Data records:
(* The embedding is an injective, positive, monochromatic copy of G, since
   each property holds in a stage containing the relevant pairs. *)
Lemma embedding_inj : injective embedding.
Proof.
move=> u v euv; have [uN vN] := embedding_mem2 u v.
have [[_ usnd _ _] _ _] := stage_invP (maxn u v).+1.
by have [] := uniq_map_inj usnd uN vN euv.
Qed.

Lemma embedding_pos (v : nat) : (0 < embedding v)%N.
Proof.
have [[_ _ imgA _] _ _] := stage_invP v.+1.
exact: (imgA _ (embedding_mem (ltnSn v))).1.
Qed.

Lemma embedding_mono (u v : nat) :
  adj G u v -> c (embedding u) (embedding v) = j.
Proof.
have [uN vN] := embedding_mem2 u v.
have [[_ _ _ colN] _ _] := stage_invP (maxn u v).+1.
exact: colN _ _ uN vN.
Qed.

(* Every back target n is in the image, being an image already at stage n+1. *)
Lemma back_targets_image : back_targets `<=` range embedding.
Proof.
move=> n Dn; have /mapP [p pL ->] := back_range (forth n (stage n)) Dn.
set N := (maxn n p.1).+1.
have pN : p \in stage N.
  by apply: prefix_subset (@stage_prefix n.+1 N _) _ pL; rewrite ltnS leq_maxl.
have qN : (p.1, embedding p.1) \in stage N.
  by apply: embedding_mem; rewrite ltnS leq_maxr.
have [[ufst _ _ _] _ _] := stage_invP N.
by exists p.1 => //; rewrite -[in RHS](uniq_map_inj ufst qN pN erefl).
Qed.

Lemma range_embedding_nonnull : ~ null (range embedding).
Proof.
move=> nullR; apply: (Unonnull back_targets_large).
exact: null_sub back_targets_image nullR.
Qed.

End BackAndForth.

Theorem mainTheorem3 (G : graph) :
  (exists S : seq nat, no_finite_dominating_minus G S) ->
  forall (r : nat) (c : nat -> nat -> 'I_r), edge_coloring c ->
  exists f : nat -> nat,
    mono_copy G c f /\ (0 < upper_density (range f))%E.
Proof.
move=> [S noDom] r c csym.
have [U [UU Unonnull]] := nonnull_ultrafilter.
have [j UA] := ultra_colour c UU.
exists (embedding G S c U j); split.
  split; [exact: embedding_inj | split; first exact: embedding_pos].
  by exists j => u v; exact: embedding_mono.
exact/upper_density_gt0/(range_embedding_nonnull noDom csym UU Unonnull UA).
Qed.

--

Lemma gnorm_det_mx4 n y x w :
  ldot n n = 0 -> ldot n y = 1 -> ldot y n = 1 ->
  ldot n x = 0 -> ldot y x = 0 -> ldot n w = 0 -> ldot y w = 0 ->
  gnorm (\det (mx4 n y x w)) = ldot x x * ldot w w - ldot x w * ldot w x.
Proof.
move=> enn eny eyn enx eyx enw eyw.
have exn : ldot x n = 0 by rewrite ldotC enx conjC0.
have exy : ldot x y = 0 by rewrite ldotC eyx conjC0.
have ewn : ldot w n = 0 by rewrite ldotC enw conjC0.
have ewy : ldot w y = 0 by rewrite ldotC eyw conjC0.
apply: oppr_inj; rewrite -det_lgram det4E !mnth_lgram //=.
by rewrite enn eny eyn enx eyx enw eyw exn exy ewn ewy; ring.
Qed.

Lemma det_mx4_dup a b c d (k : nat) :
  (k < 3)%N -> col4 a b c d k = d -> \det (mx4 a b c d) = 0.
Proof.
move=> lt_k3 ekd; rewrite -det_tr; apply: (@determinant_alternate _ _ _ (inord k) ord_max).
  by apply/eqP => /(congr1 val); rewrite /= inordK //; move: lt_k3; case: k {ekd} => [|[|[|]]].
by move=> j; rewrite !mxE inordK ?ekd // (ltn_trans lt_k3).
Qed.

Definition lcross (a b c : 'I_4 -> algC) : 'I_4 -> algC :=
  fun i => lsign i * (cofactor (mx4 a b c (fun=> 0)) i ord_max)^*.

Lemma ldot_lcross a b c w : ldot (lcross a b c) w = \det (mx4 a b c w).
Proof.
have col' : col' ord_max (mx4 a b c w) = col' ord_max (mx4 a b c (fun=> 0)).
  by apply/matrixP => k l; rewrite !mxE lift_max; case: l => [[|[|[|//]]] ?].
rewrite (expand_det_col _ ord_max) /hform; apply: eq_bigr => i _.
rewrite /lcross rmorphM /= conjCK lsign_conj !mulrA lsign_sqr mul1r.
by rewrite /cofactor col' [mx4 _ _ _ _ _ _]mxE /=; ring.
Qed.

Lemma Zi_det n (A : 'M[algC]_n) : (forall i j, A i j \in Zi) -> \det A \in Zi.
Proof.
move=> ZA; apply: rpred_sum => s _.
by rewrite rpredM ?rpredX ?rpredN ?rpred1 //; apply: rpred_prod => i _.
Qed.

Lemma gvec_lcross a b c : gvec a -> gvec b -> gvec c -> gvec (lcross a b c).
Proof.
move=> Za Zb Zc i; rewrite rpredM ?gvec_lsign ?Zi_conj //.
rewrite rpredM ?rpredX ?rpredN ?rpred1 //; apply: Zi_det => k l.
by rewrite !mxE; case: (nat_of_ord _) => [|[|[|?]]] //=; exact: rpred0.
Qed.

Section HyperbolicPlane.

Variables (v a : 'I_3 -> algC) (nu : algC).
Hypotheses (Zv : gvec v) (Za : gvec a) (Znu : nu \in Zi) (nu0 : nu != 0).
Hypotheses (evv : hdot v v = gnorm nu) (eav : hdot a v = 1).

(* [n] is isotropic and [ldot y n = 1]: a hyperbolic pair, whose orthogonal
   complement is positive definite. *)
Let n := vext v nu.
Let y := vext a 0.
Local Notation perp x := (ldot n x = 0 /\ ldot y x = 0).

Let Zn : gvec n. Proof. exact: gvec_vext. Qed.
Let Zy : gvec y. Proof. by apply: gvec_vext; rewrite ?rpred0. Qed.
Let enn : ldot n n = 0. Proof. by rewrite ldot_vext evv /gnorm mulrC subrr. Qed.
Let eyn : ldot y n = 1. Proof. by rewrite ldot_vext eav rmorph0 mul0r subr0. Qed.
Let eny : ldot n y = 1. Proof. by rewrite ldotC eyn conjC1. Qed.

* * *

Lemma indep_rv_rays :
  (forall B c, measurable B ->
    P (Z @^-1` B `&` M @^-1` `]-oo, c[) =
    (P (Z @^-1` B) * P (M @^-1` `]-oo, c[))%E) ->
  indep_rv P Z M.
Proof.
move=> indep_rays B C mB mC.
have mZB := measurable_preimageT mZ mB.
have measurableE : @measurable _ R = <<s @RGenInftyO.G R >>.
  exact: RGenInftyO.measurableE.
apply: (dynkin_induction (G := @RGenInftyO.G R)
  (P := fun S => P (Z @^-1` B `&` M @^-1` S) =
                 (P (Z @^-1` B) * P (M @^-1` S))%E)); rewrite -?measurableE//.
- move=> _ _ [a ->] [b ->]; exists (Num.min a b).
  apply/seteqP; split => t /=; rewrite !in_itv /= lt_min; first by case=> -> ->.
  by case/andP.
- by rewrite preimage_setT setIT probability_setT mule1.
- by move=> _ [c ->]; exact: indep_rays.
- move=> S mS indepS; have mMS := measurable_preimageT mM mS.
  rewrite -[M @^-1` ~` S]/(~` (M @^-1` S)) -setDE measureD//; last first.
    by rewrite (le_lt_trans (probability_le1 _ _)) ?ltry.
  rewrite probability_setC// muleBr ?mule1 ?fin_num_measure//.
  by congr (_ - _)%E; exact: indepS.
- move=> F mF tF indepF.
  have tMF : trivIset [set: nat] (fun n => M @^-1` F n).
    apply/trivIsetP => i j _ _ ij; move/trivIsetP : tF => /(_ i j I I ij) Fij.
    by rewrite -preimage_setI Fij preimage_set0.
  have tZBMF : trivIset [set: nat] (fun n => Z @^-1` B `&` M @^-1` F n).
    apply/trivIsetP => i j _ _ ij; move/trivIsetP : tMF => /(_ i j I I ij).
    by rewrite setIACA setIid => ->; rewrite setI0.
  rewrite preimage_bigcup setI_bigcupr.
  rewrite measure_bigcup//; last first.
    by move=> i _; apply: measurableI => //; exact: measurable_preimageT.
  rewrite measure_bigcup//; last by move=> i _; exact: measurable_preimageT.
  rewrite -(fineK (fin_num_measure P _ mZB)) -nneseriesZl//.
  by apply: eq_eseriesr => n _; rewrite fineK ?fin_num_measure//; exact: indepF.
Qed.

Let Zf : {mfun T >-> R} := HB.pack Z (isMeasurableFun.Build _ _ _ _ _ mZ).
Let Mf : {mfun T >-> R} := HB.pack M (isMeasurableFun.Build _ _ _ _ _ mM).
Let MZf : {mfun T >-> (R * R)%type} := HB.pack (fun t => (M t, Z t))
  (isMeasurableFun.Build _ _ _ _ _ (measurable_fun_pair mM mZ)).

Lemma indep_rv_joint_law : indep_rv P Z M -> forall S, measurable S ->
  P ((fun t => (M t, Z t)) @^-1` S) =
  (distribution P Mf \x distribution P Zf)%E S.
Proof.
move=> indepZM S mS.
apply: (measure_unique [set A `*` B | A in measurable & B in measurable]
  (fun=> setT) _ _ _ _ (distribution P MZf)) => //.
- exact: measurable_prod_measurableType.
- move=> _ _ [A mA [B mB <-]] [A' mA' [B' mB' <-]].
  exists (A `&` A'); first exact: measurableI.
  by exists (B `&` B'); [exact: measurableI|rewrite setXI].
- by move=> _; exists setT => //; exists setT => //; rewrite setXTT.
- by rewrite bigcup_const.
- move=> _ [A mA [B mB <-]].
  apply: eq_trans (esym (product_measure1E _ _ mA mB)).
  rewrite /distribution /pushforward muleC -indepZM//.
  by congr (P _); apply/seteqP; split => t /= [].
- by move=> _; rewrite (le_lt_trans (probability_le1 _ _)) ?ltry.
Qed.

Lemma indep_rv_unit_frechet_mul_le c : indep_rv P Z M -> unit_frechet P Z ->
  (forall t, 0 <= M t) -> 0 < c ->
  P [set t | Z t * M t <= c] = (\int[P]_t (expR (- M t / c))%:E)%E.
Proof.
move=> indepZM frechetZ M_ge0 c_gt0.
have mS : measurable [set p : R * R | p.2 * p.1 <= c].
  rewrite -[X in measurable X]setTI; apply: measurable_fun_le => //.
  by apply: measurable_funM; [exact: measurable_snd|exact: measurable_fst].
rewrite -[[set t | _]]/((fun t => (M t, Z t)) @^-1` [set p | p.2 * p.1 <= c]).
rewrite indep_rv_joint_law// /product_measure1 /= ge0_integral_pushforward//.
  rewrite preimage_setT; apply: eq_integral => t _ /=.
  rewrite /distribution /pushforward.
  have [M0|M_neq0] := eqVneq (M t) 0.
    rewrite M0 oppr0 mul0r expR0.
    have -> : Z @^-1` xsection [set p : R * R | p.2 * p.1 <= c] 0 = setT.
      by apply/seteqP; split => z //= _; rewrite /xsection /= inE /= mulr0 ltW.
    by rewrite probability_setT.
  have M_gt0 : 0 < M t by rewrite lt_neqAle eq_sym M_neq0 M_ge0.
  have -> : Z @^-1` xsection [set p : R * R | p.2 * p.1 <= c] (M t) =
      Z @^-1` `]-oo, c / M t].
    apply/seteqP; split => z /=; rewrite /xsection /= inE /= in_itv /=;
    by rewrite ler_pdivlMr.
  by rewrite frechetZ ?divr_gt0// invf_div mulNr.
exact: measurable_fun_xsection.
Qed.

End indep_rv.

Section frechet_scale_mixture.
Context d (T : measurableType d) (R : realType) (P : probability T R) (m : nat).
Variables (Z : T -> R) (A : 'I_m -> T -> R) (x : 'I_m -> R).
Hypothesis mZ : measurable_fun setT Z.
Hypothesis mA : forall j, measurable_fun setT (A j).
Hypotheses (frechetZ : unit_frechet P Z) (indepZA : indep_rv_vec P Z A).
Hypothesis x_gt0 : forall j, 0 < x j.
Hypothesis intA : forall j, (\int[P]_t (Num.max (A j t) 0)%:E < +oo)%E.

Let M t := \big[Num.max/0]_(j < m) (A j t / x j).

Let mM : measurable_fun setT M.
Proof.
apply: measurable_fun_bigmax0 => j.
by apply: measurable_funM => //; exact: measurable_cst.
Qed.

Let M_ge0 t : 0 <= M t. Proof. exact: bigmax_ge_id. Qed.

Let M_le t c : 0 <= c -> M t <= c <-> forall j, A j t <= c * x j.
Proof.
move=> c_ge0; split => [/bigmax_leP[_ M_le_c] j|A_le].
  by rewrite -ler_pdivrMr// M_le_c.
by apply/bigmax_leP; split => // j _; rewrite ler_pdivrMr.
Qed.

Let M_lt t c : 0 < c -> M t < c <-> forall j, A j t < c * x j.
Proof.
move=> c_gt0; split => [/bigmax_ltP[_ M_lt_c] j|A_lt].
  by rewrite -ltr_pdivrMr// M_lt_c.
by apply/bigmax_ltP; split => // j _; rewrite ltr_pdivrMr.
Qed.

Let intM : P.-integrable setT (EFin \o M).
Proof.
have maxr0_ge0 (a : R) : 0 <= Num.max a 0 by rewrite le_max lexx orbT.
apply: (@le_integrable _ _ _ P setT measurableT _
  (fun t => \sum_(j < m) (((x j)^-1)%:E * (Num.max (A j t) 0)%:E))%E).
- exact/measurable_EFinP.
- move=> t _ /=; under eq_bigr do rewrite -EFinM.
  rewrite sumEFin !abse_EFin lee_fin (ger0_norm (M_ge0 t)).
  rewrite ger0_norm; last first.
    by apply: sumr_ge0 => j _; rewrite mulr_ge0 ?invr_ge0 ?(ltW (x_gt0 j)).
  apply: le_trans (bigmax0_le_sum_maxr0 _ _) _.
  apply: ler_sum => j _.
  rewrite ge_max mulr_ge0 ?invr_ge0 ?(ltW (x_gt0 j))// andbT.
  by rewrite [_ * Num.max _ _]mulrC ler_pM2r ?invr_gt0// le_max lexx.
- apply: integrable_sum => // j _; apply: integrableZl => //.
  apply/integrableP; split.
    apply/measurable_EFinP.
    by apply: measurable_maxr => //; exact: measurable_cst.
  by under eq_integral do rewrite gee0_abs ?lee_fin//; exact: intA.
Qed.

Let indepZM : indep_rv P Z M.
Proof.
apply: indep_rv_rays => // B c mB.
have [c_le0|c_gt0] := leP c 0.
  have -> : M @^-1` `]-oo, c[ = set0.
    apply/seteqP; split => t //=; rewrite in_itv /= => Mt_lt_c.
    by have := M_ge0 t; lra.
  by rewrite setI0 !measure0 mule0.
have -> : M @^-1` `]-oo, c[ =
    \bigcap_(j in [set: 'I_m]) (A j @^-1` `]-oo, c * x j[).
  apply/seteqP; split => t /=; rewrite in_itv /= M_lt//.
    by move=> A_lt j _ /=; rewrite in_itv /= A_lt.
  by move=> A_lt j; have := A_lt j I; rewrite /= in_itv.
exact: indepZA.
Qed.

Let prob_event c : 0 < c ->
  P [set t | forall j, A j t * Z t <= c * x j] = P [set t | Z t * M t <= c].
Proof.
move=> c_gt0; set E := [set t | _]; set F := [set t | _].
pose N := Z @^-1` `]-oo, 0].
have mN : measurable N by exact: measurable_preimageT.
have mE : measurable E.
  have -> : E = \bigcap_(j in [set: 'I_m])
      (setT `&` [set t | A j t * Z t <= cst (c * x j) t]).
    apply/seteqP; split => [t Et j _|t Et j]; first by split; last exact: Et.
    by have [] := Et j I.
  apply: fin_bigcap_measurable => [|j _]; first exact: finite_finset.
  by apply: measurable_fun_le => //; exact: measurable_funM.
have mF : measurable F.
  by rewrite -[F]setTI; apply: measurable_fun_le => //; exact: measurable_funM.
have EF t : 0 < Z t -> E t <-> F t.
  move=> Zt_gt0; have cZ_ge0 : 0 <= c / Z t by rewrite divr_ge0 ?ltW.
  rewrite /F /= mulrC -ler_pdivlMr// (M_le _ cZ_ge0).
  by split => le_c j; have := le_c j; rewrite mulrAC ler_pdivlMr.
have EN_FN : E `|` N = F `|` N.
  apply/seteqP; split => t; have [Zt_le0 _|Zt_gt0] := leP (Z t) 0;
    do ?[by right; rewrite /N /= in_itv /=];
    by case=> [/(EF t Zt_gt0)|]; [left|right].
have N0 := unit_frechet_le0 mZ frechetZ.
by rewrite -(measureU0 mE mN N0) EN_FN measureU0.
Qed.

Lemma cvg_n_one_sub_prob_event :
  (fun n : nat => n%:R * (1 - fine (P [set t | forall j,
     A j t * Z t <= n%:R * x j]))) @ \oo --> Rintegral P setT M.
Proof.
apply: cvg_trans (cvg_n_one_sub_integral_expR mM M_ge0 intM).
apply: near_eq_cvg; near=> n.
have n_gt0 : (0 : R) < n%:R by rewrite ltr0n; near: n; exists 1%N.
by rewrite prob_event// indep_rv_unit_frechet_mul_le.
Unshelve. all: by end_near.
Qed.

Your assignment — Give back exactly the lines above starting at the line where "Hypothesis x_gt0 : forall j, 0 < x j." appears and ending at the line where "apply: indep_rv_rays => // B c mB." appears, both included, with no other lines.

Result —
Hypothesis x_gt0 : forall j, 0 < x j.
Hypothesis intA : forall j, (\int[P]_t (Num.max (A j t) 0)%:E < +oo)%E.

Let M t := \big[Num.max/0]_(j < m) (A j t / x j).

Let mM : measurable_fun setT M.
Proof.
apply: measurable_fun_bigmax0 => j.
by apply: measurable_funM => //; exact: measurable_cst.
Qed.

Let M_ge0 t : 0 <= M t. Proof. exact: bigmax_ge_id. Qed.

Let M_le t c : 0 <= c -> M t <= c <-> forall j, A j t <= c * x j.
Proof.
move=> c_ge0; split => [/bigmax_leP[_ M_le_c] j|A_le].
  by rewrite -ler_pdivrMr// M_le_c.
by apply/bigmax_leP; split => // j _; rewrite ler_pdivrMr.
Qed.

Let M_lt t c : 0 < c -> M t < c <-> forall j, A j t < c * x j.
Proof.
move=> c_gt0; split => [/bigmax_ltP[_ M_lt_c] j|A_lt].
  by rewrite -ltr_pdivrMr// M_lt_c.
by apply/bigmax_ltP; split => // j _; rewrite ltr_pdivrMr.
Qed.

Let intM : P.-integrable setT (EFin \o M).
Proof.
have maxr0_ge0 (a : R) : 0 <= Num.max a 0 by rewrite le_max lexx orbT.
apply: (@le_integrable _ _ _ P setT measurableT _
  (fun t => \sum_(j < m) (((x j)^-1)%:E * (Num.max (A j t) 0)%:E))%E).
- exact/measurable_EFinP.
- move=> t _ /=; under eq_bigr do rewrite -EFinM.
  rewrite sumEFin !abse_EFin lee_fin (ger0_norm (M_ge0 t)).
  rewrite ger0_norm; last first.
    by apply: sumr_ge0 => j _; rewrite mulr_ge0 ?invr_ge0 ?(ltW (x_gt0 j)).
  apply: le_trans (bigmax0_le_sum_maxr0 _ _) _.
  apply: ler_sum => j _.
  rewrite ge_max mulr_ge0 ?invr_ge0 ?(ltW (x_gt0 j))// andbT.
  by rewrite [_ * Num.max _ _]mulrC ler_pM2r ?invr_gt0// le_max lexx.
- apply: integrable_sum => // j _; apply: integrableZl => //.
  apply/integrableP; split.
    apply/measurable_EFinP.
    by apply: measurable_maxr => //; exact: measurable_cst.
  by under eq_integral do rewrite gee0_abs ?lee_fin//; exact: intA.
Qed.

Let indepZM : indep_rv P Z M.
Proof.
apply: indep_rv_rays => // B c mB.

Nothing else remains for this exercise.